From climate model ensembles to policy relevant climate change scenarios
Recently, large number of climate change simulations are available for Europe and other regions. Since the uncertainty in climate model projections is very large, especially for characteristics of extremes, it is required to flatten the range of available projections to allow for making strategical decisions. The work will utilize the EURO-CORDEX data (or others) and ensemble reduction or weighting strategies or alternatively will develop probabilistic scenarios. The applicants should have some background in hydrology, remote sensing data or computer science. Knowledge of R/Python, solid basis of statistics and/or proficiency with hydrological modeling are regarded assets.
Forecasting of droughts
Medium and long term drought forecasting provides important information to mitigate negative impacts of drought events. This study is aimed on the development of drought forecasting framework based on the use of various drought indicators, spatial hydro-meteorological information, hydrological modeling, data driven modeling tools, capable to make the drought forecast on different temporal and spatial scales. The meteorological, hydrological and agricultural droughts will be considered. The applicants should have some background in hydrology, remote sensing data or computer science.

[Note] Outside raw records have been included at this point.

Lemma padic_valuation p x : prime p -> is_padic p x -> ~ pnull p x ->
  exists k u, punit p u /\ pnull p (fun n => x n - ppow p k * u n).
Proof.
move=> p_pr hx /not_all_ex_not [n0 /negP hn0].
have [N ndvd_N N_min] := ex_minnP (ex_intro (fun n => ~~ (ppow p n %| x n)%Z) n0 hn0).
have N_gt0 : (0 < N)%N.
  by case: N ndvd_N {N_min} => //; rewrite /ppow expn0 dvd1z.
set k := N.-1.
have dvd_xk : (ppow p k %| x k)%Z.
  by apply/negPn/negP => /N_min; rewrite /k; lia.
have dvd_x : forall m, (ppow p k %| x (m + k)%N)%Z.
  move=> m; have -> : x (m + k)%N = x (k + m)%N - x k + x k by rewrite addnC; ring.
  by apply: rpredD => //; apply: is_padic_coherent.
have xE n : ppow p k * (x (n + k)%N %/ ppow p k)%Z = x (n + k)%N.
  by rewrite mulrC divzK.
exists k, (fun n => (x (n + k)%N %/ ppow p k)%Z); split; first split.
- apply/is_padic_pnull => n.
  rewrite -(@dvdz_mul2l (ppow p k)) ?ppow_neq0 // mulrBr !xE -ppowD.
  by rewrite addSn -addn1 (addnC k n); apply: is_padic_coherent.
- apply/negP => dvd_u; move/negP: ndvd_N; apply.
  have -> : N = (1 + k)%N by rewrite /k add1n prednK.
  by rewrite -xE ppowD ppow1 mulrC; apply: dvdz_mul dvd_u (dvdzz _).
- move=> n; rewrite xE -opprB rpredN.
  exact: is_padic_coherent.
Qed.

(* Units of Z_p are invertible: the inverse is assembled from Bezout
   coefficients modulo each p^n. *)
Lemma punit_inv p u : prime p -> punit p u ->
  exists w, is_padic p w /\ pnull p (fun n => u n * w n - 1).
Proof.
move=> p_pr [hu ndvd_u].
have cop n : coprimez (u n) (ppow p n).
  case: n => [|n]; first by rewrite /ppow expn0 coprimezE coprimen1.
  rewrite coprimezE /ppow /= coprime_pexpr // coprime_sym prime_coprime //.
  apply: contra ndvd_u; rewrite -[X in (X %| _)%N]/(`|Posz p|%N) -dvdzE => dvd_u.
  have -> : u 1%N = u (1 + n)%N - (u (1 + n)%N - u 1%N) by ring.
  by apply: rpredB; rewrite // -ppow1; apply: is_padic_coherent.
pose w n := (egcdz (u n) (ppow p n)).1.
have w_inv n : (ppow p n %| u n * w n - 1)%Z.
  rewrite /w; case: (egcdzP (u n) (ppow p n)) => a b E _ /=.
  rewrite (eqP (cop n)) in E.
  have -> : u n * a - 1 = - (b * ppow p n) by rewrite -E; ring.
  by rewrite rpredN dvdz_mull.
exists w; split => //; apply/is_padic_pnull => n.
have cop' : coprimez (ppow p n) (u n) by rewrite coprimez_sym.
rewrite -(Gauss_dvdzr _ cop').
have -> : u n * (w n.+1 - w n) =
   (u n.+1 * w n.+1 - 1) - (u n.+1 - u n) * w n.+1 - (u n * w n - 1) by ring.
apply: rpredB; last exact: w_inv.
apply: rpredB; last by apply: dvdz_mulr; rewrite -addn1; apply: is_padic_coherent.
by apply: dvdz_trans (w_inv _); rewrite -addn1; apply: ppow_dvd.
Qed.

Lemma peq_psub0 p a b : peq p (psub a b) pzero <-> pnull p (fun n => a n - b n).
Proof.
rewrite peq_pnull; split=> H n; have := H n;
  by rewrite /psub /padd /popp /pzero /pconst subr0.
Qed.

Definition pZp_quotient (p : nat) (x y z : padic) : Prop :=
  exists rho, pZp_elt p rho /\ peq p (psub (pmul x rho) (pmul y z)) pzero.

(* If x = p^kx ux with ux a unit, y = p^ky uy, z = p^kz uz, kx <= ky, kz
   and ky >= 1, then rho = p^(ky + kz - kx) uy uz ux^-1 is the quotient. *)
Lemma pZp_quotient_of_valuations p x y z kx ky kz ux uy uz wx :
  is_padic p uy -> is_padic p uz -> is_padic p wx ->
  pnull p (fun n => x n - ppow p kx * ux n) ->
  pnull p (fun n => y n - ppow p ky * uy n) ->
  pnull p (fun n => z n - ppow p kz * uz n) ->
  pnull p (fun n => ux n * wx n - 1) ->
  (kx <= ky)%N -> (kx <= kz)%N -> (1 <= ky)%N -> pZp_quotient p x y z.
Proof.
move=> huy huz hwx Hx Hy Hz Hw le_xy le_xz ky_gt0.
set e := (ky + kz - kx)%N.
exists (pmul (pconst (ppow p e)) (pmul (pmul uy uz) wx)); split; first split.
- by apply: padic_mul; [move=> n | apply: padic_mul => //; apply: padic_mul].
- rewrite /in_pZp /pmul /pconst; apply: dvdz_mulr.
  by rewrite dvdzE /ppow /=; apply: dvdn_exp => //; rewrite /e; lia.
have e_val : ppow p kx * ppow p e = ppow p ky * ppow p kz.
  by rewrite -!ppowD /e; congr ppow; lia.
apply/peq_psub0 => n; rewrite /pmul /pconst.
have -> : x n * (ppow p e * (uy n * uz n * wx n)) - y n * z n =
  (x n - ppow p kx * ux n) * (ppow p e * (uy n * uz n * wx n))
  + (ppow p kx * ppow p e) * (uy n * uz n) * (ux n * wx n - 1)
  - (y n - ppow p ky * uy n) * z n
  - ppow p ky * uy n * (z n - ppow p kz * uz n)
  + (ppow p kx * ppow p e - ppow p ky * ppow p kz) * (uy n * uz n) by ring.
rewrite e_val subrr mul0r addr0.
apply: rpredB; last exact: dvdz_mull.
apply: rpredB; last exact: dvdz_mulr.
by apply: rpredD; [apply: dvdz_mulr | apply: dvdz_mull].
Qed.

Lemma pZp_valuation_pos p y k u : pZp_elt p y ->
  pnull p (fun n => y n - ppow p k * u n) -> ~~ (Posz p %| u 1%N)%Z -> (1 <= k)%N.
Proof.
move=> [_ dvd_y] Hy; case: k Hy => // Hy; apply: contraR => _.
have := Hy 1%N; rewrite ppow1 /ppow expn0 mul1r => dvd_yu.
have -> : u 1%N = y 1%N - (y 1%N - u 1%N) by ring.
exact: rpredB.
Qed.
Lemma undigitsK t n col : (col < Pn t n)%N -> undigits t n (digit t ^~ col) = col.
Proof.
elim: n col => [|n IH] col lt_col.
  by rewrite /undigits big_ord0; move: lt_col; case: col.
rewrite undigitsS; case: eqP => [eq_nt | /eqP neq_nt].
  by subst n; rewrite addn0 IH // -Pn_skip.
rewrite PnS // in lt_col.
have -> : undigits t n (digit t ^~ col) = undigits t n (digit t ^~ (col %% Pn t n)).
  by apply: eq_bigr => k neq_kt; rewrite digit_modPn.
by rewrite IH ?ltn_pmod ?Pn_gt0 // digit_small // addnC -divn_eq.
Qed.

End MixedRadix.

Local Open Scope ring_scope.

Lemma mxatE (R : nzRingType) m n (M : 'M[R]_(m, n)) i c (lt_im : (i < m)%N) :
  mxat M i c = M (Ordinal lt_im) c.
Proof. by rewrite /mxat insubT. Qed.

Lemma mxat_ord (R : nzRingType) m n (M : 'M[R]_(m, n)) (i : 'I_m) c :
  mxat M i c = M i c.
Proof. by rewrite /mxat valK. Qed.

Section KhatriRao.
Variables (R : comNzRingType) (N K r : nat) (sigma : 'I_N -> 'I_K).
Variables (It : 'I_K -> nat) (A : forall k : 'I_K, 'M[R]_(It k, r)).
Hypothesis It_gt0 : forall k, (0 < It k)%N.

Lemma mxat_Amat (k : 'I_N) i c :
  mxat (Amat sigma A k) i c = mxat (A (sigma k)) i c.
Proof. by rewrite /Amat /Defs.dimn; move: (valK k); case: insub => // k' [->]. Qed.
Lemma sing_part_mulSr f S :
  singular S -> sing_part p (mulS f S) = mulS (sing_part p f) S.
Proof.
move=> sS; apply: functional_extensionality => n; rewrite /sing_part /mulS.
case: ifPn => pn; [apply: eq_bigr | symmetry; apply: big1] => i _;
  case: ifPn => pi; rewrite ?mul0r //; have le_in : (i <= n)%N by rewrite -ltnS.
  by rewrite (singular_coef_sub sS le_in) ?mulr0 ?pn ?(negbTE pi).
by rewrite (singular_coef_sub sS le_in) ?mulr0 ?pi ?(negbTE pn).
Qed.

Lemma reg_part_mulSr f S :
  singular S -> reg_part p (mulS f S) = mulS (reg_part p f) S.
Proof.
move=> sS; apply: functional_extensionality => n; rewrite /reg_part /mulS.
case: ifPn => pn; [symmetry; apply: big1 | apply: eq_bigr] => i _;
  case: ifPn => pi; rewrite ?mul0r //; have le_in : (i <= n)%N by rewrite -ltnS.
  by rewrite (singular_coef_sub sS le_in) ?mulr0 ?pn ?(negbTE pi).
by rewrite (singular_coef_sub sS le_in) ?mulr0 ?pi ?(negbTE pn).
Qed.

Lemma logseries_reg_sing_part c :
  logseries c = fun n => logseries (reg_part p c) n + logseries (sing_part p c) n.
Proof.
apply: functional_extensionality => n; rewrite /logseries /reg_part /sing_part.
by case: eqP => _; [rewrite addr0 | case: ifP => _; rewrite mul0r ?addr0 ?add0r].
Qed.

Lemma singular_logseries_sing_part c : singular (logseries (sing_part p c)).
Proof.
by move=> n pn; rewrite /logseries /sing_part (negbTE pn) mul0r if_same.
Qed.

Lemma regular_quotient_mulSr f S Y : S 0%N = 1 -> singular S ->
  (forall n, mulS Y (sing_part p (mulS f S)) n = reg_part p (mulS f S) n) ->
  forall n, mulS Y (sing_part p f) n = reg_part p f n.
Proof.
move=> S0 sS quotY; suff -> : mulS Y (sing_part p f) = reg_part p f by [].
apply: (mulS_injr S0); rewrite /= -mulSA -sing_part_mulSr // -reg_part_mulSr //.
exact: functional_extensionality.
Qed.

End SingularSeries.

Section RegularPolynomials.
Variables (R : comUnitRingType) (p : nat) (c : nat -> R).

Definition regular_qpoly (r : R) :=
  exists e : ratpolyexpr, qvars_in (fun i => ~~ (p %| i)%N) e /\ r = qeval c e.

Lemma regular_qpoly_ratr q : regular_qpoly (ratr q).
Proof. by exists (QConst q). Qed.

Lemma regular_qpoly_var i : ~~ (p %| i)%N -> regular_qpoly (c i).
Proof. by exists (QVar i). Qed.

Lemma regular_qpolyD a b : regular_qpoly a -> regular_qpoly b -> regular_qpoly (a + b).
Proof. by move=> [e1 [v1 ->]] [e2 [v2 ->]]; exists (QAdd e1 e2); rewrite /= v1 v2. Qed.

Lemma regular_qpolyM a b : regular_qpoly a -> regular_qpoly b -> regular_qpoly (a * b).
Proof. by move=> [e1 [v1 ->]] [e2 [v2 ->]]; exists (QMul e1 e2); rewrite /= v1 v2. Qed.

Lemma regular_qpoly_nat k : regular_qpoly k%:R.
Proof. by rewrite -ratr_nat; apply: regular_qpoly_ratr. Qed.
Lemma stochastic_of_gpc E : GPC a beta E -> E rho = sigma ->
  exists P : 'M[C]_m,
    [/\ col_stochastic P, P *m diagv rho = diagv sigma,
        P *m diagv (gibbs a beta) = diagv (gibbs a beta) & psd (coherence_mx P)].
Proof.
move=> [[E_linear [E_cp E_trace]] [E_gibbs E_cov]] E_rho.
have choi := E_cp m _ (choi_block_psd R m).
pose P := \matrix_(y, x) E (delta_mx x x) y y.
have P_diagv X : P *m diagv X = diagv (E X).
  apply/matrixP => y j; rewrite (ord1 j) !mxE (delta_image_diag E_linear E_cov a_bohr).
  by apply: eq_bigr => x _; rewrite !mxE mulrC.
exists P; split; [split | by rewrite P_diagv E_rho | by rewrite P_diagv E_gibbs |].
- move=> y x; have := psd_diag_ge0 x (psd_block_entries (fun=> y) choi).
  by rewrite !mxE.
- move=> x; under eq_bigr => y _ do rewrite mxE.
  rewrite [LHS]E_trace /mxtrace (bigD1 x) //= big1 ?addr0 => [|z zx].
    by rewrite mxE !eqxx.
  by rewrite mxE (negbTE zx).
have -> : coherence_mx P = \matrix_(x, y) E (delta_mx x y) x y.
  apply/matrixP => x y; rewrite !mxE; have [->//|xy] := eqVneq x y.
  by rewrite -E_rho (delta_image_offdiag E_linear E_cov a_bohr) // mulrC mulKf ?rho_offdiag.
exact: psd_block_entries id choi.
Qed.

End Characterization.

Theorem lemma5 (R : realType) (m : nat) (a : 'I_m -> R) (beta : R)
  (hbeta : 0 < beta) (hbohr : nondeg_bohr a)
  (rho sigma : 'M[R[i]]_m) (hrho : is_state rho) (hsigma : is_state sigma)
  (hoff : forall x y : 'I_m, x != y -> rho x y != 0) :
  (exists E : 'M[R[i]]_m -> 'M[R[i]]_m, GPC a beta E /\ E rho = sigma) <->
  (exists P : 'M[R[i]]_m,
     [/\ col_stochastic P,
         P *m diagv rho = diagv sigma,
         P *m diagv (gibbs a beta) = diagv (gibbs a beta) &
         psd (\matrix_(x, y) if x == y then P x x else sigma x y / rho x y)]).
Proof.
split=> [[E [E_gpc E_rho]]|[P [P_stoch P_rho P_gibbs M_psd]]].
  by have := stochastic_of_gpc hoff hbohr E_gpc E_rho.
by have := gpc_of_stochastic hoff P_stoch P_rho P_gibbs M_psd.
Qed.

Knowledge of R/Python/other programming language, solid basis of statistics and/or proficiency with hydrological modeling are regarded assets.
Long term average stream flow and the interannual variability of streamflow
The long term average stream flow, precipitation partitioning into streamflow and evapotranspiration on annual and longer time scale, the dependency on catchment characteristics, role of vegetation cover on precipitation partitioning are expected to be analyzed using frameworks based on Budyko curve. The special emphases will be put on its role on improving hydrological modeling over selected temporal and spatial scales. The applicants should have some background in hydrology, remote sensing data or computer science. Knowledge of R/Python/other programming language, solid basis of statistics and/or proficiency with hydrological modeling are regarded assets.
Creative analysis of arbitrary aspects of mathematical modeling of any types of processes in the environment, model development, software creation
It may be a mathematical modeling of nonlinear processes with one independent variable (time) defined as a system of ordinary differential equations or transport processes of different types described by partial differential equations.
For example: Mathematical modeling of the transport of passive admixtures from any source (or sources) in the simulated flow field in the planetary boundary layer. Comparing the results for the Euler type model (part of Fluent Ansys), the Lagrange model and possibly the Gaussian puff type model.